Laird is a true political junkie—a description he despises. "That is so insulting," Laird told the Weekly in October 1998. (Laird did not respond to repeated requests for an interview for this story.) "I believe in the process. We need good government, and I don't mind paying for good government."
And pay he does. "He's a household name around here," was how one employee at the county Registrar of Voters office described Laird. In 1998 alone, Laird doled out $112,000 to national, state, county and city candidates, usually to the right-wing bubbleheads who personify the modern Republican Party. For example, Laird wrote checks to governor wannabe Dan Lungren ($35,000), Huntington Beach city attorney Gail Hutton ($300), U.S. Congressman Newt Gingrich ($1,000) and 2nd District Supervisor Jim Silva ($1,000).
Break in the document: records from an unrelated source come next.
(* Let $X\in\mathbb R^{T\times K}$ have full column rank $K<T$ and let $\Gamma\in\mathbb R^{T\times T}$ satisfy $\|\Gamma\|<1-c$ for a constant $c\in(0,1)$. Then: (i) the matrices $I_T-\Gamma$, $I_T-P\Gamma$, $X'(I_T-\Gamma)X$ and $I_T+A_\Gamma M$ are invertible, where $A_\Gamma=(I_T-\Gamma)^{-1}\Gamma$; (ii) the following identities hold: $(I_T-\Gamma)M_\Gamma=M(I_T+A_\Gamma M)^{-1}$; $P_\Gamma=(I_T-P\Gamma)^{-1}P(I_T-\Gamma)$; $M_\Gamma=(I_T-P\Gamma)^{-1}M$; and for every $y\in\mathbb R^T$, $(X'(I_T-\Gamma)X)^{-1}X'(I_T-\Gamma)y=(X'X)^{-1}X'(I_T+A_\Gamma M)^{-1}y$; (iii) the matrix $(I_T-\Gamma)M_\Gamma+M_\Gamma'(I_T-\Gamma')$ is positive semi-definite, and there are constants $0<c'<C'$ depending only on $c$ such that $c'<\frac{T-K_\Gamma}{T-K}<C'$, where $T-K_\Gamma:=\operatorname{tr}[(I_T-\Gamma)M_\Gamma]$.
   Context: $\|\cdot\|$ is the operator norm. $P=X(X'X)^{-1}X'$, $M=I_T-P$, $P_\Gamma=X(X'(I_T-\Gamma)X)^{-1}X'(I_T-\Gamma)$, $M_\Gamma=I_T-P_\Gamma$. *)

From HB Require Import structures.
From mathcomp Require Import all_boot all_order all_algebra.
From mathcomp Require Import classical_sets reals.
Set Implicit Arguments. Unset Strict Implicit. Unset Printing Implicit Defensive.
Import Order.TTheory GRing.Theory Num.Theory.
Local Open Scope ring_scope.
Local Open Scope classical_set_scope.

Section Defs.
Variable R : realType.

Definition norm2 (n : nat) (v : 'cV[R]_n) : R :=
  Num.sqrt (\sum_(i < n) v i 0 ^+ 2).

Definition opnorm (m n : nat) (A : 'M[R]_(m, n)) : R :=
  sup [set r : R | exists v : 'cV[R]_n, v != 0 /\ r = norm2 (A *m v) / norm2 v].

Definition projP (T K : nat) (X : 'M[R]_(T, K)) : 'M[R]_T :=
  X *m invmx (X^T *m X) *m X^T.

Definition annM (T K : nat) (X : 'M[R]_(T, K)) : 'M[R]_T :=
  1%:M - projP X.

Definition projPG (T K : nat) (X : 'M[R]_(T, K)) (G : 'M[R]_T) : 'M[R]_T :=
  X *m invmx (X^T *m (1%:M - G) *m X) *m X^T *m (1%:M - G).

Definition annMG (T K : nat) (X : 'M[R]_(T, K)) (G : 'M[R]_T) : 'M[R]_T :=
  1%:M - projPG X G.

Definition AG (T : nat) (G : 'M[R]_T) : 'M[R]_T :=
  invmx (1%:M - G) *m G.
Silva is one of Laird's pet projects. Photos from the 1999 Huntington Beach Chamber of Commerce annual dinner show the two in black tie, sitting at the same table. During Silva's contentious 1998 re-election campaign, Laird described Silva as "a good candidate serving the will of the people." Between 1994 and 1998, Laird, his three brothers—who also work at Coatings Resources—and four other employees contributed more than $12,000 to the man who, during board meetings, reads questions from prepared scripts.
It's easy to see Silva's attraction to a man like Laird. Besides sharing ideologies, Silva sat for some years on the Air Quality Management District (AQMD) board. Laird, whose company rests financially on a foundation of highly toxic lacquers and enamels, benefited from Silva's votes to lessen environmental regulations on small businesses.
"We make the paint for Barbie's lips" is how Laird describes his work at Coatings Resources. The company does indeed make paint for toys and other household items—and it's a very dirty business. Federal Environmental Protection Agency (EPA) records show the company releases thousands of pounds of noxious hydrocarbons—toluene, xylene, methyl ethyl ketone—into the air every year. The releases were within federal guidelines.
"He's a good guy, but Ed's the reason we need an EPA," said a source who described himself as a friend of Laird—and then requested anonymity. "He's right on the issues, but, sheesh, he makes you glad there's someone looking over his shoulder."